Sob regulamentação da Agência Nacional de Energia Elétrica (Aneel), as empresas que atuam no setor de geração, transmissão e distribuição de energia se obrigam a investir compulsoriamente em projetos de P&D, tendo por base suas Receitas Operacionais Líquidas (ROL). Companhias que atuam na Geração e Transmissão têm por índice 1% do seu ROL e as de Distribuição, 0,5%.

Dos cerca de R$ 200 milhões anuais do orçamento do Cepel, 80% saem dos cofres da holding estatal. Segundo a MP, quatro anos depois que o governo federal abrir mão do controle acionário da empresa com a privatização, esses recursos devem ser reduzidos na ordem de 25% por ano.

O dilema é: poderá o Cepel repor todo esse financiamento em curto e médio prazo via prestação de serviços a novos clientes?

As lições deixadas pelo apagão de FHC

Falta de investimentos e fragilidade do sistema de transmissão combinados com a falta de chuvas levou ao blecaute na era FHC, que privatizou geradores de energia principalmente no Sudeste.
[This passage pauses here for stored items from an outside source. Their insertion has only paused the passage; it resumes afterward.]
Lemma dist_atE a b q : (stage a <= q)%N -> (stage b <= q)%N -> dist_at a b q = cdist a b.
Proof.
have up q' r : (stage a <= q')%N -> (stage b <= q')%N -> (q' <= r)%N ->
    dist_at a b r = dist_at a b q'.
  move=> ha hb hqr; rewrite /dist_at -(lift_lift _ (m := q') (elt a)) //.
  by rewrite -(lift_lift _ (m := q') (elt b)) // dist_lift.
move=> ha hb; rewrite /cdist -(up q (q + (stage a + stage b))%N) ?leq_addr //.
by apply: up; rewrite ?leq_addr ?leq_addl.
Qed.

Lemma cdist_congr a a' b b' : same_pt a a' -> same_pt b b' -> cdist a b = cdist a' b'.
Proof.
move=> h1 h2; set q := (stage a + stage b + stage a' + stage b')%N.
rewrite -(@dist_atE a b q) -1?(@dist_atE a' b' q) /dist_at ?h1 ?h2 //; rewrite /q; lia.
Qed.

Definition cq_dist (x y : cquot) := cdist (sval x) (sval y).

Lemma cq_inh : inhabited cquot. Proof. by constructor; exact: cpi (existT _ 0%N (pt (Ms 0))). Qed.
Lemma cq_dist_refl x : cq_dist x x = 0. Proof. by rewrite /cq_dist /cdist /dist_at dist_refl. Qed.
Lemma cq_dist_sym x y : cq_dist x y = cq_dist y x.
Proof. by rewrite /cq_dist /cdist addnC /dist_at dist_sym. Qed.
Lemma cq_dist_le1 x y : cq_dist x y <= 1. Proof. exact: dist_le1. Qed.

Lemma cq_dist_tri x y z : cq_dist x z <= cq_dist x y + cq_dist y z.
Proof.
rewrite /cq_dist; set q := (stage (sval x) + stage (sval y) + stage (sval z))%N.
rewrite -(@dist_atE _ _ q) -1?(@dist_atE _ _ q) -1?(@dist_atE (sval y) _ q) ?dist_tri //;
  rewrite /q; lia.
Qed.

Lemma cq_dist_sep x y : cq_dist x y = 0 -> x = y.
Proof.
move=> h; apply: (eqv_sval same_pt_refl same_pt_sym same_pt_trans).
by apply: (@same_pt_at _ _ (stage (sval x) + stage (sval y))); rewrite ?leq_addr ?leq_addl //;
  exact: dist_sep.
Qed.

Definition max_stage n (r : 'I_n -> chain_pt) : nat := \max_(k < n) stage (r k).

Lemma max_stage_ge n (r : 'I_n -> chain_pt) k : (stage (r k) <= max_stage r)%N.
Proof. exact: (leq_bigmax (F := fun k => stage (r k))). Qed.

Definition cq_funI (f : Fsym L) (a : 'I_(farity f) -> cquot) : cquot :=
  let r k := sval (a k) in
  cpi (existT _ (max_stage r) (funI (fun k => lift (elt (r k)) (max_stage r)))).

Definition cq_relI (s : Rsym L) (a : 'I_(rarity s) -> cquot) : R :=
  let r k := sval (a k) in relI (fun k => lift (elt (r k)) (max_stage r)).

Lemma cq_relI_at s (r : 'I_(rarity s) -> chain_pt) q : (max_stage r <= q)%N ->
  relI (fun k => lift (elt (r k)) (max_stage r)) = relI (fun k => lift (elt (r k)) q).
Proof.
move=> h; rewrite -(relI_lift es_emb (fun k => lift (elt (r k)) (max_stage r)) h).
by congr relI; apply: funext => k; rewrite lift_lift ?max_stage_ge.
Qed.

Lemma dist_at_max n (ra rb : 'I_n -> chain_pt) k :
  dist_at (ra k) (rb k) (max_stage ra + max_stage rb) = cdist (ra k) (rb k).
Proof.
apply: dist_atE; [apply: leq_trans (max_stage_ge ra k) (leq_addr _ _)|].
exact: leq_trans (max_stage_ge rb k) (leq_addl _ _).
Qed.

Lemma lift_max_stage n (r : 'I_n -> chain_pt) q : (max_stage r <= q)%N ->
  (fun k => lift (lift (elt (r k)) (max_stage r)) q) = (fun k => lift (elt (r k)) q).
Proof. by move=> h; apply: funext => k; rewrite lift_lift ?max_stage_ge. Qed.

Lemma cq_funI_lip f (a b : 'I_(farity f) -> cquot) :
  cq_dist (cq_funI a) (cq_funI b) <= fLip f * \sum_(k < farity f) cq_dist (a k) (b k).
Proof.
rewrite /cq_dist /cq_funI -(cdist_congr (cpi_same _) (cpi_same _)).
set ra := fun k => sval (a k); set rb := fun k => sval (b k).
set q := (max_stage ra + max_stage rb)%N.
rewrite -(@dist_atE _ _ q) ?leq_addr ?leq_addl // /dist_at /elt /=.
rewrite !funI_lift ?leq_addr ?leq_addl // !lift_max_stage ?leq_addr ?leq_addl //.
apply: le_trans (funI_lip _ _) _; rewrite ler_wpM2l ?fLip_ge0 //.
by apply: ler_sum => k _; rewrite -(dist_at_max ra rb).
Qed.

Lemma cq_relI_lip s (a b : 'I_(rarity s) -> cquot) :
  `|cq_relI a - cq_relI b| <= rLip s * \sum_(k < rarity s) cq_dist (a k) (b k).
Proof.
rewrite /cq_relI /cq_dist; set ra := fun k => sval (a k); set rb := fun k => sval (b k).
rewrite (@cq_relI_at _ ra (max_stage ra + max_stage rb)) ?leq_addr //.
rewrite (@cq_relI_at _ rb (max_stage ra + max_stage rb)) ?leq_addl //.
apply: le_trans (relI_lip _ _) _; rewrite ler_wpM2l ?rLip_ge0 //.
by apply: ler_sum => k _; rewrite -(dist_at_max ra rb).
Qed.

Definition chain_union : Struc L := {|
  carrier := cquot; st_dist := cq_dist; st_inh := cq_inh;
  dist_refl := cq_dist_refl; dist_sep := cq_dist_sep; dist_sym := cq_dist_sym;
  dist_tri := cq_dist_tri; dist_le1 := cq_dist_le1; funI := cq_funI; relI := cq_relI;
  funI_lip := cq_funI_lip; relI_lip := cq_relI_lip |}.

Definition chain_in n (x : Ms n) : chain_union := cpi (existT _ n x).

Lemma same_pt_chain_in n (x : Ms n) q : (n <= q)%N ->
  (stage (sval (chain_in x)) <= q)%N -> lift (elt (sval (chain_in x))) q = lift x q.
Proof. by move=> hn hq; symmetry; apply: (cpi_same (existT _ n x)). Qed.

Lemma embedding_chain_in n : embedding (@chain_in n).
Proof.
split => [x y|f a|s a] /=.
- rewrite /cq_dist -(cdist_congr (cpi_same (existT _ n x)) (cpi_same (existT _ n y))).
  by rewrite -(@dist_atE _ _ n) //= /dist_at /elt /= !lift_id.
- apply: (eqv_qpi _ same_pt_refl); set r := fun k => sval (chain_in (a k)).
  apply: (@same_pt_at _ _ (n + max_stage r)) => /=; rewrite ?leq_addr ?leq_addl //.
  rewrite /elt /= !funI_lift ?leq_addr ?leq_addl //; congr funI; apply: funext => k.
  rewrite lift_lift ?leq_addl ?max_stage_ge // same_pt_chain_in ?leq_addr //.
  exact: leq_trans (max_stage_ge r k) (leq_addl _ _).
- rewrite /cq_relI; set r := fun k => sval (chain_in (a k)).
  rewrite (@cq_relI_at _ r (n + max_stage r)) ?leq_addl //.
  rewrite -(relI_lift es_emb a (leq_addr (max_stage r) n)); congr relI; apply: funext => k.
  rewrite same_pt_chain_in ?leq_addr //.
  exact: leq_trans (max_stage_ge r k) (leq_addl _ _).
Qed.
Agora está ocorrendo a mesma ingerência, só que em relação à pesquisa

Foto: ONS/ Divulgação

Falta de investimentos e fragilidade do sistema de transmissão combinados com a falta de chuvas levou ao blecaute na era FHC, que privatizou geradores de energia principalmente no Sudeste. Agora está ocorrendo a mesma ingerência, só que em relação à pesquisa

Foto: ONS/ Divulgação

Não necessariamente pode ocorrer um apagão no setor elétrico nacional como o do final do governo Fernando Henrique Cardoso (PSDB), que, no seu processo de privatização, acabou descuidando do planejamento de investimentos necessários para o país. “Um abandono da responsabilidade estatal antes da privatização. Tipo: ‘Como vamos vender e passar a responsabilidade para os investidores privados, não vamos investir então’”, disse um importante ex-executivo do setor que hoje presta consultorias para as mais variadas empresas de energia no Brasil e, por isso, pediu a condição de fonte anônima.

Nos anos FHC, foram privatizadas geradoras de energia hidroelétricas, principalmente no Sudeste.

Nesse caso, houve uma ironia do destino. A falta do planejamento citado foi fatal. No período em que as hidroelétricas do Sudeste estavam com seus reservatórios de água abaixo do necessário devido à ausência de chuvas, o não investimento em linhas de transmissão ocasionou o grande blecaute que forçou os brasileiros a racionar energia a partir de 1º de julho de 2001.

Colocar a culpa em São Pedro, como fez FHC, não colou. “A falta de um plano de investimentos, agravada pelo sistema de transmissão que não era robusto o suficiente para transferir energia entre as regiões do Brasil, foi a real causa”, afirma o agora consultor.

No fim das contas, os consumidores tiveram que cortar “voluntariamente” 20% do consumo de eletricidade sob pena de ter um aumento no custo final da energia elétrica. A restrição durou até 19 de fevereiro de 2002, quando os reservatórios das hidrelétricas do Sudeste se recuperaram após o período chuvoso.

Riscos de blecaute tecnológico

Para Castro, da UFRJ, não há risco de apagão

Foto: UFRJ/ Gesel/ Divulgação

Para Castro, da UFRJ, não há risco de apagão

Foto: UFRJ/ Gesel/ Divulgação

O apagão que pode advir dessa vez é na pesquisa de fundo, de inovações, algo que fez o Cepel ser referência internacional. Por exemplo, foram estudos desse centro de pesquisas que fizeram com que o Brasil tenha hoje um dos sistemas elétricos mais confiáveis do mundo.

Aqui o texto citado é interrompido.